Definition walk_edges (T : finType) (x : T) (p : seq T) : seq {set T} :=
  [seq [set ab.1; ab.2] | ab <- zip (x :: p) p].

Definition is_path (T : finType) (e : rel T) (x : T) (p : seq T) (y : T) : Prop :=
  [/\ path e x p, uniq (x :: p) & last x p = y].

From mathcomp Require Import all_boot zify.
Set Implicit Arguments. Unset Strict Implicit. Unset Printing Implicit Defensive.

(* Only kappa'(G) >= 2l >= q and the simplicity of G are needed: the argument
   is the edge version of Menger's theorem, run as an integral flow from the
   multiset V1 to the multiset V2 that never uses an edge in both directions.
   Such a flow is built one source/sink pair at a time by augmenting paths: if
   the new sink were not reachable in the residual graph, the vertices that
   are reachable would be left only by edges carrying flow outwards, giving an
   edge cut with fewer than q <= kappa'(G) edges.  Cancelling directed cycles
   keeps the flow balanced, and an acyclic flow splits into q arc-disjoint
   simple paths, each followed from a source until it gets stuck at a sink;
   since no edge carries flow both ways, these paths are edge-disjoint. *)

Lemma sum_card_fibres (aT rT : finType) (A : {set aT}) (f : aT -> rT)
    (S : {pred rT}) :
  \sum_(y in S) #|[set x in A | f x == y]| = #|[set x in A | f x \in S]|.
Proof.
rewrite -[RHS]sum1_card (partition_big f (mem S)) => [|x]; last first.
  by rewrite inE => /andP[].
apply: eq_bigr => y yS; rewrite -sum1_card; apply: eq_bigl => x.
by rewrite !inE -andbA; case: (f x =P y) => [->|]; rewrite ?yS ?andbF.
Qed.
(* Every rule of the sequent calculus $\mathbf{G}$ for $\text{HXPath}_{\rm D}$ preserves validity: for every instance of every rule of $\mathbf{G}$ (including (Cut), (WL), (WR)), if all premisses of the instance are valid sequents, then its conclusion is a valid sequent.
   Context: Syntax of $\text{HXPath}_{\rm D}$: fix pairwise disjoint sets $\mathsf{Prop}$ (propositions, countably infinite), $\mathsf{Nom}$ (nominals, countably infinite), $\mathsf{Mod}$ (modalities, finite), $\mathsf{Cmp}$ (comparisons, finite). Path expressions $\alpha,\beta ::= \mathsf{a} \mid i{:} \mid \varphi? \mid \alpha\beta$ and node expressions $\varphi,\psi ::= p \mid i \mid \bot \mid \varphi\to\psi \mid @_i\varphi \mid \langle \mathsf{a}\rangle\varphi \mid \langle\alpha =_{\mathsf{c}} \beta\rangle \mid \langle \alpha\neq_{\mathsf{c}}\beta\rangle$, with $p\in\mathsf{Prop}$, $i\in\mathsf{Nom}$, $\mathsf{a}\in\mathsf{Mod}$, $\mathsf{c}\in\mathsf{Cmp}$. Abbreviations: $\top:=\bot\to\bot$, $\neg\varphi:=\varphi\to\bot$, $\varphi\lor\psi := \neg\varphi\to\psi$, $\varphi\land\psi:=\neg(\varphi\to\neg\psi)$, $\varphi\leftrightarrow\psi$ as usual; $\epsilon:=\top?$; $\langle j{:}\rangle\varphi := @_j\varphi$, $\langle\psi?\rangle\varphi:=\psi\land\varphi$, $\langle\alpha\beta\rangle\varphi:=\langle\alpha\rangle\langle\beta\rangle\varphi$, $[\alpha]\varphi:=\neg\langle\alpha\rangle\neg\varphi$. The symbol $\blacktriangle$ stands for either $=_{\mathsf{c}}$ or $\neq_{\mathsf{c}}$ (for some $\mathsf{c}$). Models: $\mathcal{M}=\langle N,\{R_{\mathsf a}\}_{\mathsf a\in\mathsf{Mod}},\{\approx_{\mathsf c}\}_{\mathsf c\in\mathsf{Cmp}},g,V\rangle$ with $N\neq\emptyset$, each $R_{\mathsf a}\subseteq N\times N$, each $\approx_{\mathsf c}$ an equivalence relation on $N$, $g:\mathsf{Nom}\to N$, $V:\mathsf{Prop}\to 2^N$. Semantics: $\mathcal M,n,n'\Vdash \mathsf a$ iff $nR_{\mathsf a}n'$; $\mathcal M,n,n'\Vdash i{:}$ iff $g(i)=n'$; $\mathcal M,n,n'\Vdash\varphi?$ iff $n=n'$ and $\mathcal M,n\Vdash\varphi$; $\mathcal M,n,n'\Vdash\alpha\beta$ iff there is $n''$ with $\mathcal M,n,n''\Vdash\alpha$ and $\mathcal M,n'',n'\Vdash\beta$; $\mathcal M,n\Vdash p$ iff $n\in V(p)$; $\mathcal M,n\Vdash i$ iff $g(i)=n$; $\bot$ never holds; $\to$ classical; $\mathcal M,n\Vdash @_i\varphi$ iff $\mathcal M,g(i)\Vdash\varphi$; $\mathcal M,n\Vdash\langle\mathsf a\rangle\varphi$ iff some $n'$ has $nR_{\mathsf a}n'$ and $\mathcal M,n'\Vdash\varphi$; $\mathcal M,n\Vdash\langle\alpha=_{\mathsf c}\beta\rangle$ (resp. $\langle\alpha\neq_{\mathsf c}\beta\rangle$) iff there are $n',n''$ with $\mathcal M,n,n'\Vdash\alpha$, $\mathcal M,n,n''\Vdash\beta$ and $n'\approx_{\mathsf c}n''$ (resp. $n'\not\approx_{\mathsf c}n''$). Sequents: a sequent $\Gamma\vdash\Delta$ consists of finite (possibly empty) sets $\Gamma,\Delta$ of node expressions each of the form $\langle i{:}\blacktriangle j{:}\rangle$ or $@_i\varphi$. It is valid iff for every model $\mathcal M$ and node $n$, if $\mathcal M,n\Vdash\gamma$ for all $\gamma\in\Gamma$ then $\mathcal M,n\Vdash\delta$ for some $\delta\in\Delta$. Notation ''$\varphi,\Gamma$'' means $\{\varphi\}\cup\Gamma$. The calculus $\mathbf{G}$ (each rule written premisses $\Rightarrow$ conclusion): (Ax) axiom $\varphi,\Gamma\vdash\Delta,\varphi$ where $\varphi$ is of the form $@_ip$, $@_ij$ or $\langle i{:}=_{\mathsf c}j{:}\rangle$; ($\bot$) axiom $@_i\bot,\Gamma\vdash\Delta$; ($\to$L) $\Gamma\vdash\Delta,@_i\varphi$ and $@_i\psi,\Gamma\vdash\Delta$ $\Rightarrow$ $@_i(\varphi\to\psi),\Gamma\vdash\Delta$; ($\to$R) $@_i\varphi,\Gamma\vdash\Delta,@_i\psi\Rightarrow\Gamma\vdash\Delta,@_i(\varphi\to\psi)$; ($@$T) $@_ii,\Gamma\vdash\Delta\Rightarrow\Gamma\vdash\Delta$; ($@5$) $@_jk,@_ij,@_ik,\Gamma\vdash\Delta\Rightarrow @_ij,@_ik,\Gamma\vdash\Delta$; (Nom) $@_ij,\Gamma\vdash\Delta\Rightarrow\Gamma\vdash\Delta$, $j$ not in the conclusion; (S$_1$) $@_j\varphi,@_ij,@_i\varphi,\Gamma\vdash\Delta\Rightarrow @_ij,@_i\varphi,\Gamma\vdash\Delta$, $\varphi$ of the form $p$, $\bot$ or $\langle\mathsf a\rangle k$; (S$_2$) $@_i\langle\mathsf a\rangle k,@_jk,@_i\langle\mathsf a\rangle j,\Gamma\vdash\Delta\Rightarrow @_jk,@_i\langle\mathsf a\rangle j,\Gamma\vdash\Delta$; (S$_3$) $\langle j{:}=_{\mathsf c}k{:}\rangle,@_ij,\langle i{:}=_{\mathsf c}k{:}\rangle,\Gamma\vdash\Delta\Rightarrow @_ij,\langle i{:}=_{\mathsf c}k{:}\rangle,\Gamma\vdash\Delta$; ($@$L) $@_i\varphi,\Gamma\vdash\Delta\Rightarrow @_j@_i\varphi,\Gamma\vdash\Delta$; ($@$R) $\Gamma\vdash\Delta,@_i\varphi\Rightarrow\Gamma\vdash\Delta,@_j@_i\varphi$; ($\langle\mathsf a\rangle$L) $@_i\langle\mathsf a\rangle j,@_j\varphi,\Gamma\vdash\Delta\Rightarrow @_i\langle\mathsf a\rangle\varphi,\Gamma\vdash\Delta$, $j$ not in the conclusion; ($\langle\mathsf a\rangle$R) $@_i\langle\mathsf a\rangle j,\Gamma\vdash\Delta,@_i\langle\mathsf a\rangle\varphi,@_j\varphi\Rightarrow @_i\langle\mathsf a\rangle j,\Gamma\vdash\Delta,@_i\langle\mathsf a\rangle\varphi$; ($\langle\blacktriangle\rangle$L) $@_i\langle\alpha\rangle j,@_i\langle\beta\rangle k,\langle j{:}\blacktriangle k{:}\rangle,\Gamma\vdash\Delta\Rightarrow @_i\langle\alpha\blacktriangle\beta\rangle,\Gamma\vdash\Delta$, $j,k$ distinct and not in the conclusion; ($\langle\blacktriangle\rangle$R) $@_i\langle\alpha\rangle j,@_i\langle\beta\rangle k,\Gamma\vdash\Delta,@_i\langle\alpha\blacktriangle\beta\rangle,\langle j{:}\blacktriangle k{:}\rangle\Rightarrow @_i\langle\alpha\rangle j,@_i\langle\beta\rangle k,\Gamma\vdash\Delta,@_i\langle\alpha\blacktriangle\beta\rangle$; (EqT) $\langle i{:}=_{\mathsf c}i{:}\rangle,\Gamma\vdash\Delta\Rightarrow\Gamma\vdash\Delta$; (Eq5) $\langle j{:}=_{\mathsf c}k{:}\rangle,\langle i{:}=_{\mathsf c}j{:}\rangle,\langle i{:}=_{\mathsf c}k{:}\rangle,\Gamma\vdash\Delta\Rightarrow\langle i{:}=_{\mathsf c}j{:}\rangle,\langle i{:}=_{\mathsf c}k{:}\rangle,\Gamma\vdash\Delta$; (NEqL) $\Gamma\vdash\Delta,\langle i{:}=_{\mathsf c}j{:}\rangle\Rightarrow\langle i{:}\neq_{\mathsf c}j{:}\rangle,\Gamma\vdash\Delta$; (NEqR) $\langle i{:}=_{\mathsf c}j{:}\rangle,\Gamma\vdash\Delta\Rightarrow\Gamma\vdash\Delta,\langle i{:}\neq_{\mathsf c}j{:}\rangle$; (Cut) $\Gamma\vdash\Delta,\varphi$ and $\varphi,\Gamma'\vdash\Delta'\Rightarrow\Gamma,\Gamma'\vdash\Delta,\Delta'$; (WL) $\Gamma\vdash\Delta\Rightarrow\varphi,\Gamma\vdash\Delta$; (WR) $\Gamma\vdash\Delta\Rightarrow\Gamma\vdash\Delta,\varphi$. Here $@_i\langle\alpha\rangle j$ for a path $\alpha$ is understood via the abbreviations above. *)

From Stdlib Require Import List.
From mathcomp Require Import ssreflect ssrbool eqtype fintype.
Import ListNotations.
Theorem mainTheorem2 :
  forall (C : Cat) (D : Doctrine C) (Pi : PiOp D)
         (top : forall A, PA D A) (cmp : forall A : C, PA D A -> C)
         (cmpArr : forall A alpha, Hom C (cmp A alpha) A),
    HasFiniteProducts C ->
    IsTopFamily top ->
    IsComprehension top cmp cmpArr ->
    IsFullComprehension cmp cmpArr ->
    IsPiDoctrineFor Pi (@Prj C) ->
    IsRestrictedPiDoctrineFor Pi (CompClass cmp cmpArr) ->
    IsImplicational Pi
      (fun A phi psi => Pi (cmp A phi) A (cmpArr A phi) (reix (cmpArr A phi) psi)).
Proof.
  intros C D Pi top cmp cmpArr [_ binary_products] Htop Hcmp Hfull HPrj HComp.
  change (IsImplicational Pi (imp C D Pi cmp cmpArr)).
  split; [|split].
  - eapply reix_imp; eassumption.
  - intros X A Y pX pA HY. eapply Pi_projection_imp; eassumption.
  - intros A g p q. repeat split.
    + eapply imp_K; eassumption.
    + eapply imp_S; eassumption.
    + eapply imp_modus_ponens; eassumption.
    + eapply imp_of_le; eassumption.
Qed.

════════

# Exercise requirements
Where the listing above reaches the line that contains "IsPiDoctrineFor Pi (@Prj C) ->", start retyping, and finish with the line that contains "eapply imp_S; eassumption."; reproduce those lines exactly and no others.

# Solution for this exercise
    IsPiDoctrineFor Pi (@Prj C) ->
    IsRestrictedPiDoctrineFor Pi (CompClass cmp cmpArr) ->
    IsImplicational Pi
      (fun A phi psi => Pi (cmp A phi) A (cmpArr A phi) (reix (cmpArr A phi) psi)).
Proof.
  intros C D Pi top cmp cmpArr [_ binary_products] Htop Hcmp Hfull HPrj HComp.
  change (IsImplicational Pi (imp C D Pi cmp cmpArr)).
  split; [|split].
  - eapply reix_imp; eassumption.
  - intros X A Y pX pA HY. eapply Pi_projection_imp; eassumption.
  - intros A g p q. repeat split.
    + eapply imp_K; eassumption.
    + eapply imp_S; eassumption.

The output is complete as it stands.